The injunction to comply with a reorganisation therefore opens the door to harassment, since the change will allow new ‘standards’ to be established, the nature and meaning of which cannot be open to discussion.
However, Clot reminds us that workers are greater than the organisation that constrains them. They are committed to pouring all their personal energy into their work, even when it is impeded. Their inhibitions conceal a hidden energy potential that demands to be released, which is why impeded activity is still activity. Activity translates into creative effort in the different spheres of existence, and this action in turn nourishes activity, in the same way that personal initiative influences the organisation. Thus, activity produces the “recreation of a world”.

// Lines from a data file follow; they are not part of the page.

(* Let $m,n$ be positive integers and let $r_1,\dots,r_k$ and $s_1,\dots,s_k$ be positive integers with $\sum_{i=1}^k r_i=m$ and $\sum_{i=1}^k s_i=n$. Put $a_0=0$ and $a_p=\sum_{i=1}^p(nr_i-ms_i)$ for $p\in[k-1]$. Let $\Lambda=(a'_1,\dots,a'_n|b'_1,\dots,b'_m)\in\mathbb Z^{n|m}$ where $(b'_1,\dots,b'_m)$ is the concatenation, for $i=1,\dots,k$, of the blocks $(a_{i-1},a_{i-1}+n,a_{i-1}+2n,\dots,a_{i-1}+(r_i-1)n)$, and $(a'_1,\dots,a'_n)$ is the concatenation, for $i=1,\dots,k-1$, of the blocks $(a_i+(s_i-1)m,\dots,a_i+m,a_i)$, followed by the block $((s_k-1)m,\dots,m,0)$. Then $\Lambda$ lies in the orbit of $\Lambda_0=(m(n-1),\dots,m,0\,|\,0,n,\dots,n(m-1))$ under the Weyl groupoid action on $\mathbb Z^{n|m}$.
   Context: Elements of $\mathbb Z^{n|m}$ are written $\Lambda=(a_1,\dots,a_n|b_1,\dots,b_m)$, identified with $\sum_ia_i\epsilon_i-\sum_jb_j\delta_j$. The Weyl groupoid action (Sergeev–Veselov action with parameter $-n/m$) is generated by: the group $S_n\times S_m$ permuting $a_1,\dots,a_n$ among themselves and $b_1,\dots,b_m$ among themselves; and, for each $\alpha=\epsilon_i-\delta_j$, the bijection $\tau_\alpha:\Pi_\alpha\to\Pi_{-\alpha}$, $\Lambda\mapsto\Lambda+n\epsilon_i-m\delta_j$ (adding $n$ to $a_i$ and $m$ to $b_j$) and its inverse $\tau_{-\alpha}$, where $\Pi_\alpha=\{a_i=b_j\}$ and $\Pi_{-\alpha}=\{a_i-b_j=n-m\}$. The orbit of $\Lambda_0$ is the set of elements reachable from $\Lambda_0$ by finite sequences of such permutations and maps $\tau_{\pm\alpha}$ (each applied on its domain). *)

From HB Require Import structures.
From mathcomp Require Import all_boot all_order all_algebra all_fingroup.
From Stdlib Require Import Relations.
Set Implicit Arguments. Unset Strict Implicit. Unset Printing Implicit Defensive.
Import Order.TTheory GRing.Theory Num.Theory.
Local Open Scope ring_scope.

Definition elt (n m : nat) : Type := ({ffun 'I_n -> int} * {ffun 'I_m -> int})%type.

(* One generating move of the Weyl groupoid action (parameter -n/m). *)
Inductive wstep (n m : nat) : elt n m -> elt n m -> Prop :=
| wstep_perm (s : {perm 'I_n}) (t : {perm 'I_m}) (L : elt n m) :
    wstep L ([ffun i => L.1 (s i)], [ffun j => L.2 (t j)])
| wstep_tau (i : 'I_n) (j : 'I_m) (L : elt n m) :
    L.1 i = L.2 j ->
    wstep L ([ffun i' => if i' == i then L.1 i' + n%:Z else L.1 i'],
             [ffun j' => if j' == j then L.2 j' + m%:Z else L.2 j'])
| wstep_tauinv (i : 'I_n) (j : 'I_m) (L : elt n m) :
    L.1 i - L.2 j = n%:Z - m%:Z ->
    wstep L ([ffun i' => if i' == i then L.1 i' - n%:Z else L.1 i'],
             [ffun j' => if j' == j then L.2 j' - m%:Z else L.2 j']).

Definition weyl_orbit (n m : nat) (L0 L : elt n m) : Prop :=
  clos_refl_trans (elt n m) (@wstep n m) L0 L.

Definition Lambda0 (n m : nat) : elt n m :=
  ([ffun i : 'I_n => (m * (n.-1 - i))%N%:Z], [ffun j : 'I_m => (n * j)%N%:Z]).

(* a_p = sum_{i=1}^p (n r_i - m s_i), with r, s 0-indexed sequences. *)
Definition apref (n m : nat) (r s : seq nat) (p : nat) : int :=
  \sum_(i < p) ((n * nth 0 r i)%N%:Z - (m * nth 0 s i)%N%:Z).

Definition bseq (n m : nat) (r s : seq nat) : seq int :=
  flatten [seq [seq apref n m r s i + (l * n)%N%:Z | l <- iota 0 (nth 0 r i)]
          | i <- iota 0 (size r)].

(* a' : blocks (a_i+(s_i-1)m, ..., a_i+m, a_i) for i = 1..k-1, then
   ((s_k-1)m, ..., m, 0).  Index i (1-based) is i'.+1 with i' 0-based. *)
Definition aseq (n m : nat) (r s : seq nat) : seq int :=
  flatten [seq [seq (if (i'.+1 < size s)%N then apref n m r s i'.+1 else 0)
                    + ((nth 0 s i' - 1 - l) * m)%N%:Z
               | l <- iota 0 (nth 0 s i')]
          | i' <- iota 0 (size s)].

Definition LambdaRS (n m : nat) (r s : seq nat) : elt n m :=
  ([ffun i : 'I_n => nth 0 (aseq n m r s) i],
   [ffun j : 'I_m => nth 0 (bseq n m r s) j]).

From mathcomp Require Import all_boot all_order all_algebra all_fingroup.
From mathcomp Require Import zify ring.
From Stdlib Require Import Relations.
Set Implicit Arguments. Unset Strict Implicit. Unset Printing Implicit Defensive.
Import Order.TTheory GRing.Theory Num.Theory.
Local Open Scope ring_scope.

(* A word w over {up = true, down = false} with m ups and n downs is a lattice
   path starting at height 0 with up-steps +n and down-steps -m.  It encodes the
   element whose b-entries are the heights at which the up-steps start and whose
   a-entries are the heights at which the down-steps end.  Replacing a factor
   [up; down] starting at height h by [down; up] turns the entries a = h + n - m
   and b = h into a = b = h - m, which is a tau^{-1} move up to permutations.
   Bubble sort reaches every word from up^m down^n, the path of Lambda_0, and
   Lambda is the path of up^r_1 down^s_1 ... up^r_k down^s_k, which ends at
   height n * sum r - m * sum s = 0. *)

Section LatticePaths.

Variables n m : nat.

Fixpoint down_heights (h : int) (w : seq bool) : seq int :=
  if w is b :: w' then
    if b then down_heights (h + n%:Z) w'
    else (h - m%:Z) :: down_heights (h - m%:Z) w'
  else [::].

Fixpoint up_heights (h : int) (w : seq bool) : seq int :=
  if w is b :: w' then
    if b then h :: up_heights (h + n%:Z) w' else up_heights (h - m%:Z) w'
  else [::].

Fixpoint path_end (h : int) (w : seq bool) : int :=
  if w is b :: w' then path_end (if b then h + n%:Z else h - m%:Z) w' else h.

Lemma down_heights_cat h u v :
  down_heights h (u ++ v) = down_heights h u ++ down_heights (path_end h u) v.
Proof. by elim: u h => [|[] u IH] h //=; rewrite IH. Qed.

Lemma up_heights_cat h u v :
  up_heights h (u ++ v) = up_heights h u ++ up_heights (path_end h u) v.
Proof. by elim: u h => [|[] u IH] h //=; rewrite IH. Qed.

Lemma path_end_cat h u v : path_end h (u ++ v) = path_end (path_end h u) v.
Proof. by elim: u h => [|[] u IH] h //=. Qed.

Lemma size_down_heights h w : size (down_heights h w) = count negb w.
Proof. by elim: w h => [|[] w IH] h //=; rewrite IH. Qed.

Lemma size_up_heights h w : size (up_heights h w) = count id w.
Proof. by elim: w h => [|[] w IH] h //=; rewrite IH. Qed.

Lemma down_heights_ups h c : down_heights h (nseq c true) = [::].
Proof. by elim: c h => //= c IH h. Qed.

Lemma up_heights_downs h c : up_heights h (nseq c false) = [::].
Proof. by elim: c h => //= c IH h. Qed.

Lemma path_end_ups h c : path_end h (nseq c true) = h + (c * n)%N%:Z.
Proof. by elim: c h => [|c IH] h /=; [rewrite addr0 | rewrite IH; lia]. Qed.

Lemma path_end_downs h c : path_end h (nseq c false) = h - (c * m)%N%:Z.
Proof. by elim: c h => [|c IH] h /=; [rewrite subr0 | rewrite IH; lia]. Qed.

Lemma up_heights_ups h c :
  up_heights h (nseq c true) = [seq h + (l * n)%N%:Z | l <- iota 0 c].
Proof.
elim: c h => [|c IH] h //=.
rewrite IH addr0 -[in RHS](addn0 1%N) iotaDl -map_comp.
by congr (_ :: _); apply: eq_map => l /=; lia.
Qed.

Lemma down_heights_downs h c :
  down_heights h (nseq c false) = [seq h - (l.+1 * m)%N%:Z | l <- iota 0 c].
Proof.
elim: c h => [|c IH] h //=.
rewrite IH mul1n -[in RHS](addn0 1%N) iotaDl -map_comp.
by congr (_ :: _); apply: eq_map => l /=; lia.
Qed.

End LatticePaths.

Definition elt_of_seqs n m (A B : seq int) : elt n m :=
  ([ffun i : 'I_n => nth 0 A i], [ffun j : 'I_m => nth 0 B j]).

Definition path_elt n m (w : seq bool) : elt n m :=
  elt_of_seqs n m (down_heights n m 0 w) (up_heights n m 0 w).

Lemma wstep_perm_eq n m A A' B B' : size A = n -> size B = m ->
  perm_eq A A' -> perm_eq B B' ->
  wstep (elt_of_seqs n m A B) (elt_of_seqs n m A' B').
Proof.
move=> /eqP sA /eqP sB pAA' pBB'.
have sA' : size A' == n by rewrite -(perm_size pAA').
have sB' : size B' == m by rewrite -(perm_size pBB').
have /tuple_permP[p Ep] : perm_eq (Tuple sA') (Tuple sA) by rewrite perm_sym.
have /tuple_permP[q Eq] : perm_eq (Tuple sB') (Tuple sB) by rewrite perm_sym.
suff -> : elt_of_seqs n m A' B' =
  ([ffun i => (elt_of_seqs n m A B).1 (p i)],
   [ffun j => (elt_of_seqs n m A B).2 (q j)]) by exact: wstep_perm.
congr pair; apply/ffunP => i; rewrite !ffunE.
- have -> : nth 0 A' i = tnth [tuple tnth (Tuple sA) (p i) | i < n] i.
    by rewrite (tnth_nth 0) -Ep.
  by rewrite tnth_mktuple (tnth_nth 0).
- have -> : nth 0 B' i = tnth [tuple tnth (Tuple sB) (q i) | i < m] i.
    by rewrite (tnth_nth 0) -Eq.
  by rewrite tnth_mktuple (tnth_nth 0).
Qed.

Lemma wstep_tauinv_head n m x A B : (0 < n)%N -> (0 < m)%N ->
  wstep (elt_of_seqs n m (x + n%:Z :: A) (x + m%:Z :: B))
        (elt_of_seqs n m (x :: A) (x :: B)).
Proof.
move=> n_gt0 m_gt0; set L := elt_of_seqs n m _ _.
suff -> : elt_of_seqs n m (x :: A) (x :: B) =
  ([ffun i => if i == Ordinal n_gt0 then L.1 i - n%:Z else L.1 i],
   [ffun j => if j == Ordinal m_gt0 then L.2 j - m%:Z else L.2 j]).
  by apply: wstep_tauinv; rewrite /L /elt_of_seqs !ffunE /=; ring.
by congr pair; apply/ffunP => -[[|i] lt_i]; rewrite !ffunE -val_eqE /= ?addrK.
Qed.

Definition swap_up_down (u v : seq bool) :=
  exists p q, u = p ++ [:: true, false & q] /\ v = p ++ [:: false, true & q].

Notation swaps := (clos_refl_trans _ swap_up_down).

Lemma perm_cat_cons (T : eqType) (P Q : seq T) y :
  perm_eq (P ++ y :: Q) (y :: P ++ Q).
Proof. by rewrite -cat1s perm_catCA. Qed.

Lemma orbit_swap_up_down n m u v : (0 < n)%N -> (0 < m)%N ->
  count negb u = n -> count id u = m -> swap_up_down u v ->
  weyl_orbit (path_elt n m u) (path_elt n m v).
Proof.
move=> n_gt0 m_gt0 cnt_n cnt_m [p [q [def_u ->]]].
have := size_down_heights n m 0 u; have := size_up_heights n m 0 u.
rewrite cnt_n cnt_m def_u /path_elt !down_heights_cat !up_heights_cat /=.
set h := path_end _ _ 0 p; set P := down_heights _ _ 0 p.
set Q := up_heights _ _ 0 p.
rewrite (_ : h - m%:Z + n%:Z = h + n%:Z - m%:Z); last by ring.
set A := down_heights _ _ _ q; set B := up_heights _ _ _ q => sizeB sizeA.
have down_tau : h + n%:Z - m%:Z = (h - m%:Z) + n%:Z by ring.
have up_tau : h = (h - m%:Z) + m%:Z by ring.
apply: (@rt_trans _ _ _
  (elt_of_seqs n m ((h - m%:Z) + n%:Z :: P ++ A) ((h - m%:Z) + m%:Z :: Q ++ B))).
  by apply/rt_step/wstep_perm_eq; rewrite // -?down_tau -?up_tau perm_cat_cons.
apply: rt_trans; first exact/rt_step/wstep_tauinv_head.
apply/rt_step/wstep_perm_eq; rewrite 1?perm_sym ?perm_cat_cons //.
- by rewrite -sizeA /= !size_cat addnS.
- by rewrite -sizeB /= !size_cat addnS.
Qed.

Lemma swaps_count (P : pred bool) u v : swaps u v -> count P u = count P v.
Proof.
elim=> [x y [p [q [-> ->]]] | // | x y z _ -> _ -> //].
by rewrite !count_cat /=; lia.
Qed.

Lemma orbit_swaps n m u v : (0 < n)%N -> (0 < m)%N ->
  count negb u = n -> count id u = m -> swaps u v ->
  weyl_orbit (path_elt n m u) (path_elt n m v).
Proof.
move=> n_gt0 m_gt0 + + uv; elim: uv => [x y xy | x | x y z xy IHxy _ IHyz] cnt_n cnt_m.
- exact: orbit_swap_up_down.
- exact: rt_refl.
- apply: rt_trans (IHxy cnt_n cnt_m) (IHyz _ _); by rewrite -(swaps_count _ xy).
Qed.

Lemma swaps_cons b u v : swaps u v -> swaps (b :: u) (b :: v).
Proof.
elim=> [x y [p [q [-> ->]]] | x | x y z _ IH1 _ IH2].
- by apply: rt_step; exists (b :: p), q.
- exact: rt_refl.
- exact: rt_trans IH1 IH2.
Qed.

Lemma swaps_down_first c u :
  swaps (nseq c true ++ false :: u) (false :: nseq c true ++ u).
Proof.
elim: c => [|c IH] /=; first exact: rt_refl.
apply: rt_trans; first exact: swaps_cons IH.
by apply: rt_step; exists [::], (nseq c true ++ u).
Qed.

Lemma swaps_from_sorted w :
  swaps (nseq (count id w) true ++ nseq (count negb w) false) w.
Proof.
elim: w => [|[] w IH] /=; first exact: rt_refl.
- exact: swaps_cons.
- by apply: rt_trans (swaps_down_first _ _) (swaps_cons _ IH).
Qed.

Lemma Lambda0_path n m : Lambda0 n m = path_elt n m (nseq m true ++ nseq n false).
Proof.
rewrite /Lambda0 /path_elt /elt_of_seqs down_heights_cat up_heights_cat.
rewrite down_heights_ups up_heights_downs path_end_ups down_heights_downs.
rewrite up_heights_ups cats0 /=.
congr pair; apply/ffunP => i; rewrite !ffunE (nth_map 0%N) ?size_iota //.
- by rewrite nth_iota //; have := ltn_ord i; nia.
- by rewrite nth_iota //; lia.
Qed.

Definition block_word (r s : seq nat) i :=
  nseq (nth 0%N r i) true ++ nseq (nth 0%N s i) false.

Definition blocks_word (r s : seq nat) p :=
  flatten [seq block_word r s i | i <- iota 0 p].

Lemma flatten_map_iotaS (T : Type) (F : nat -> seq T) p :
  flatten [seq F i | i <- iota 0 p.+1] = flatten [seq F i | i <- iota 0 p] ++ F p.
Proof. by rewrite -addn1 iotaD map_cat flatten_cat /= cats0. Qed.

Lemma blocks_wordS r s p :
  blocks_word r s p.+1 = blocks_word r s p ++ block_word r s p.
Proof. exact: flatten_map_iotaS. Qed.

Lemma count_up_blocks r s : count id (blocks_word r s (size r)) = sumn r.
Proof.
rewrite count_flatten -map_comp.
rewrite (eq_map (g := nth 0%N r)); last first.
  by move=> i /=; rewrite count_cat !count_nseq /= mul1n mul0n addn0.
by rewrite -[map _ _]/(mkseq _ _) mkseq_nth.
Qed.

Lemma count_down_blocks r s : count negb (blocks_word r s (size s)) = sumn s.
Proof.
rewrite count_flatten -map_comp.
rewrite (eq_map (g := nth 0%N s)); last first.
  by move=> i /=; rewrite count_cat !count_nseq /= mul1n mul0n.
by rewrite -[map _ _]/(mkseq _ _) mkseq_nth.
Qed.

Lemma aprefS n m r s p : apref n m r s p.+1 =
  apref n m r s p + (n * nth 0%N r p)%N%:Z - (m * nth 0%N s p)%N%:Z.
Proof. by rewrite /apref big_ord_recr /= addrA. Qed.

Lemma apref_size n m r s : size r = size s ->
  apref n m r s (size r) = (n * sumn r)%N%:Z - (m * sumn s)%N%:Z.
Proof.
elim: r s => [|x r IH] [|y s] //=; first by rewrite /apref big_ord0 !muln0.
by case=> /IH; rewrite /apref big_ord_recl /= => ->; nia.
Qed.

Lemma path_end_blocks n m r s p :
  path_end n m 0 (blocks_word r s p) = apref n m r s p.
Proof.
elim: p => [|p IH]; first by rewrite /apref big_ord0.
rewrite blocks_wordS !path_end_cat IH path_end_ups path_end_downs aprefS; lia.
Qed.

Lemma down_heights_blocks n m r s p :
  down_heights n m 0 (blocks_word r s p) =
  flatten [seq [seq apref n m r s i.+1 + ((nth 0%N s i - 1 - l) * m)%N%:Z
               | l <- iota 0 (nth 0%N s i)] | i <- iota 0 p].
Proof.
elim: p => [|p IH] //.
rewrite blocks_wordS down_heights_cat IH path_end_blocks down_heights_cat.
rewrite down_heights_ups path_end_ups down_heights_downs flatten_map_iotaS aprefS.
congr (_ ++ _).
apply/eq_in_map => l; rewrite mem_iota add0n => /andP[_ lt_l]; nia.
Qed.

Lemma up_heights_blocks n m r s p :
  up_heights n m 0 (blocks_word r s p) =
  flatten [seq [seq apref n m r s i + (l * n)%N%:Z | l <- iota 0 (nth 0%N r i)]
          | i <- iota 0 p].
Proof.
elim: p => [|p IH] //.
rewrite blocks_wordS up_heights_cat IH path_end_blocks up_heights_cat.
by rewrite up_heights_ups up_heights_downs flatten_map_iotaS cats0.
Qed.

Lemma LambdaRS_path n m r s : size r = size s ->
  (n * sumn r = m * sumn s)%N ->
  LambdaRS n m r s = path_elt n m (blocks_word r s (size r)).
Proof.
move=> size_rs balanced.
rewrite /LambdaRS /path_elt /elt_of_seqs down_heights_blocks up_heights_blocks.
rewrite /aseq /bseq -size_rs; congr pair; apply/ffunP => j; rewrite !ffunE.
congr (nth _ (flatten _)); apply/eq_in_map => i.
rewrite mem_iota add0n => /andP[_ lt_i]; case: ltnP => // le_r.
have -> : i.+1 = size r by apply/eqP; rewrite eqn_leq lt_i le_r.
by rewrite apref_size // balanced subrr.
Qed.

Theorem proposition6p2 (m n k : nat) (r s : seq nat) :
  (0 < m)%N -> (0 < n)%N ->
  size r = k -> size s = k ->
  all (fun x => (0 < x)%N) r -> all (fun x => (0 < x)%N) s ->
  sumn r = m -> sumn s = n ->
  weyl_orbit (Lambda0 n m) (LambdaRS n m r s).
Proof.
move=> m_gt0 n_gt0 size_r size_s _ _ sum_r sum_s.
set w := blocks_word r s (size r).
have ups : count id w = m by rewrite count_up_blocks.
have downs : count negb w = n by rewrite /w size_r -size_s count_down_blocks.
have balanced : (n * sumn r = m * sumn s)%N by rewrite sum_r sum_s mulnC.
rewrite Lambda0_path (LambdaRS_path (etrans size_r (esym size_s)) balanced).
have := swaps_from_sorted w; rewrite ups downs => sorted_to_w.
apply: orbit_swaps sorted_to_w => //; rewrite count_cat !count_nseq /=.
- by rewrite mul0n mul1n.
- by rewrite mul0n mul1n addn0.
Qed.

For the harasser, the purpose of harassment is to protect a state of being that they know to be fragile and unhealthy. In reality, harassment cuts them off from the branch where they think they are sitting safely, sometimes to the point of bringing down the tree, that is, jeopardising the organisation on which they are frantically dependent.
Let us conclude with Clot, for whom workers are united by a secret shared consciousness and the joy of joint achievement, which nourishes their professional feelings. He quotes Zarifian, according to whom counter-movements (‘counter-effectuation’) signify a ‘process whereby an event, initially endured, is appropriated, given meaning and transformed, depending on the power and values that individuals deploy to deal with it’.